From the docs

从文档

Since indexing with [] must handle a lot of cases (single-label access, slicing, boolean indexing, etc.), it has a bit of overhead in order to figure out what you're asking for.

由于使用 [] 进行索引必须处理很多情况（单标签访问、切片、布尔索引等），因此它需要一些开销才能确定您的要求。
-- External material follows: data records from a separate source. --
Section ZeroDigitSelfSimilar.
Variables (G : pred nat) (t J : nat).
Hypotheses (ssG : self_similar_at G J) (lt_t : 2 * t < 3 ^ J).

Lemma ext0_shift y : y < 3 ^ J.+1 ->
  ext_stanley 0 G t (3 ^ J.+1 + y) = ext_stanley 0 G t y.
Proof.
have [q [r [lt_r3 ->]]] := ediv3 y => lt_y; have lt_q : q < 3 ^ J by rewrite expnS in lt_y; lia.
have -> : 3 ^ J.+1 + (3 * q + r) = 3 * (3 ^ J + q) + r by rewrite expnS; lia.
have [shiftG _ _] := ssG; rewrite !ext_stanley0E // shiftG //; congr (_ || _).
rewrite (_ : t <= 3 ^ J + q); last lia.
case: (leqP t q) => [le_tq|lt_qt] /=.
  by rewrite -addnBA // digits01_shift //; lia.
suff -> : digits01 (3 ^ J + q - t) = false by rewrite !andbF.
apply/negP => D; have := digits01_double_lt D (ltac:(lia) : 3 ^ J + q - t < 3 ^ J); lia.
Qed.

Lemma ext0_gap y : 2 * 3 ^ J.+1 <= y < 3 ^ J.+2 -> ext_stanley 0 G t y = false.
Proof.
have [q [r [lt_r3 ->]]] := ediv3 y; rewrite !expnS => /andP[le_y lt_y].
have [_ gapG _] := ssG; rewrite ext_stanley0E // gapG ?andbF /=; last by rewrite expnS; lia.
apply/negP => /and3P[_ _ D].
by have := digits01_window D (ltac:(rewrite expnS; lia) : q - t < 3 ^ J.+1); lia.
Qed.

Lemma ext0_count : count (ext_stanley 0 G t) (iota 0 (3 ^ J.+1)) = 2 ^ J.+1.
Proof.
have [_ _ countG] := ssG.
have count1 : count (fun q => (t <= q) && digits01 (q - t)) (iota 0 (3 ^ J)) = 2 ^ J.
  rewrite -{1}(subnKC (_ : t <= 3 ^ J)); last lia.
  rewrite count_iotaD count_iota_eq0 => [|x lt_x]; last by rewrite leqNgt lt_x.
  under eq_count do rewrite leq_addr addKn.
  rewrite -(count_digits01 J) -{2}(subnK (_ : t <= 3 ^ J)); last lia.
  rewrite count_iotaD [X in _ = _ + X]count_iota_eq0 ?addn0 // => x lt_x.
  apply/negP => D; have := digits01_double_lt D (ltac:(lia) : 3 ^ J - t + x < 3 ^ J); lia.
rewrite expnS count_iota_mul3.
under eq_bigr => r _ do rewrite (eq_count (fun q => ext_stanley0E G t q (ltn_ord r))).
rewrite !big_ord_recr big_ord0 /= count1 count_pred0.
under eq_count do rewrite orbF.
by rewrite countG expnS; lia.
Qed.

End ZeroDigitSelfSimilar.

Lemma double_lt_exp3 n : 2 * n < 3 ^ n.
Proof. by elim: n => // n IH; rewrite expnS; lia. Qed.

Lemma self_similar_ext c G t : c < 3 -> self_similar G -> self_similar (ext_stanley c G t).
Proof.
move=> lt_c3 [J0 ssG]; case: (posnP c) => [->|c_gt0].
  exists (maxn J0 t).+1 => -[|J] //; rewrite ltnS geq_max => /andP[le_J0 le_tJ].
  have lt_t : 2 * t < 3 ^ J.
    by have := double_lt_exp3 t; have := leq_pexp2l (isT : 0 < 3) le_tJ; lia.
  by split; [apply: ext0_shift|apply: ext0_gap|apply: ext0_count]; try apply: ssG.
exists J0.+1 => -[|J] //; rewrite ltnS => le_J0.
by apply: ext_self_similar_at; [rewrite c_gt0 | apply: ssG].
Qed.

(** * Enumerations and Stanley sequences *)

Section Enumeration.
Variables (a : nat -> nat) (G : pred nat).
Hypotheses (a_incr : forall n, a n < a n.+1) (a_enum : forall y, G y <-> exists n, a n = y).

Lemma ltn_enum : {mono a : m n / m < n}.
Proof. exact/leqW_mono/leq_mono/(homo_ltn ltn_trans). Qed.

Lemma leq_enum : {mono a : m n / m <= n}.
Proof. exact/leq_mono/(homo_ltn ltn_trans). Qed.

Lemma enum_geq n : n <= a n.
Proof. by elim: n => // n IH; have := a_incr n; lia. Qed.

Lemma enum_bracket y : a 0 <= y -> exists n, a n <= y < a n.+1.
Proof.
move=> le_a0y; suff [n lt_yn] : exists n, y < a n.
  elim: n lt_yn => [|n IH] lt_yn; first lia.
  by case: (ltnP y (a n)) => [/IH //|le_ny]; exists n; rewrite le_ny.
by exists y.+1; have := enum_geq y.+1; lia.
Qed.

Lemma count_enum n : count G (iota 0 (a n)) = n.
Proof.
have notG x m : a m < x < a m.+1 -> G x = false.
  by move=> /andP[lt1 lt2]; apply/negP => /a_enum[i Ei]; subst x; rewrite !ltn_enum in lt1 lt2; lia.
elim: n => [|n IH].
  by apply: count_iota_eq0 => x lt_x; apply/negP => /a_enum[m Em]; have := leq_enum 0 m; lia.
rewrite -(subnKC (ltnW (a_incr n))) count_iotaD IH.
rewrite (_ : a n.+1 - a n = 1 + (a n.+1 - a n).-1); last by have := a_incr n; lia.
rewrite count_iotaD /= !addn0 (_ : G (a n) = true); last by apply/a_enum; exists n.
by rewrite count_iota_eq0 ?addn0 ?addn1 // => x lt_x; apply: (notG _ n); lia.
Qed.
So I get the following which should be comparable:

所以我得到以下应该可以比较的：

In [13]:

%%timeit
a = np.empty(1000,dtype='float')
s = pd.Series(data=a)
for i in range(len(a)):
    s.iat[i] = 1.0
10 loops, best of 3: 23.3 ms per loop
In [14]:

%%timeit
a = np.empty(1000,dtype='float')
s = pd.Series(data=a)
for i in range(len(a)):
    s.iloc[i] = 1.0
10 loops, best of 3: 159 ms per loop

for the other tests:

对于其他测试：

In [15]:

%%timeit
l = []
for i in range(1000):
    l.append(1.0)
s = pd.Series(data=l)
1000 loops, best of 3: 525 μs per loop
In [16]:

%%timeit
a = np.empty(1000,dtype='float')
s = pd.Series(data=a)
for i in range(len(a)):
    s.set_value(i,1.0)
100 loops, best of 3: 10.1 ms per loop
In [17]:

%%timeit
a = np.empty(1000,dtype='float')
s = pd.Series(data=a)
for i in range(len(a)):
    s[i] = 1.0
100 loops, best of 3: 17.5 ms per loop

I think these methods are even faster for initializing a series to a constant value:

我认为这些方法可以更快地将系列初始化为恒定值：

Base Line

基线

%%timeit
a = np.empty(1000, dtype='float')
for i in range(len(a)):
    a[i] = 1.0
s = pd.Series(data=a)

10000 loops, best of 3: 121 μs per loop

Alternatives

备择方案

%%timeit
s = pd.Series(np.empty(1000, dtype='float')) * 1.

10000 loops, best of 3: 99.5 μs per loop

%%timeit
constant = 5.
s = pd.Series(np.ones(1000)) * constant

10000 loops, best of 3: 85.3 μs per loop

I figured out how to get past the indexing overhead when setting values on a series object directly:

我想出了如何在直接在系列对象上设置值时绕过索引开销：

a = np.empty(1000,dtype='float')
s = pd.Series(data=a)
for i in range(len(a)):
    a[i] = 1.0

When initializing the Series from a numpy array, the data is not copied. If a reference is kept to the original array, you can just set values on that!

从 numpy 数组初始化系列时，不会复制数据。如果保留对原始数组的引用，则只需在其上设置值即可！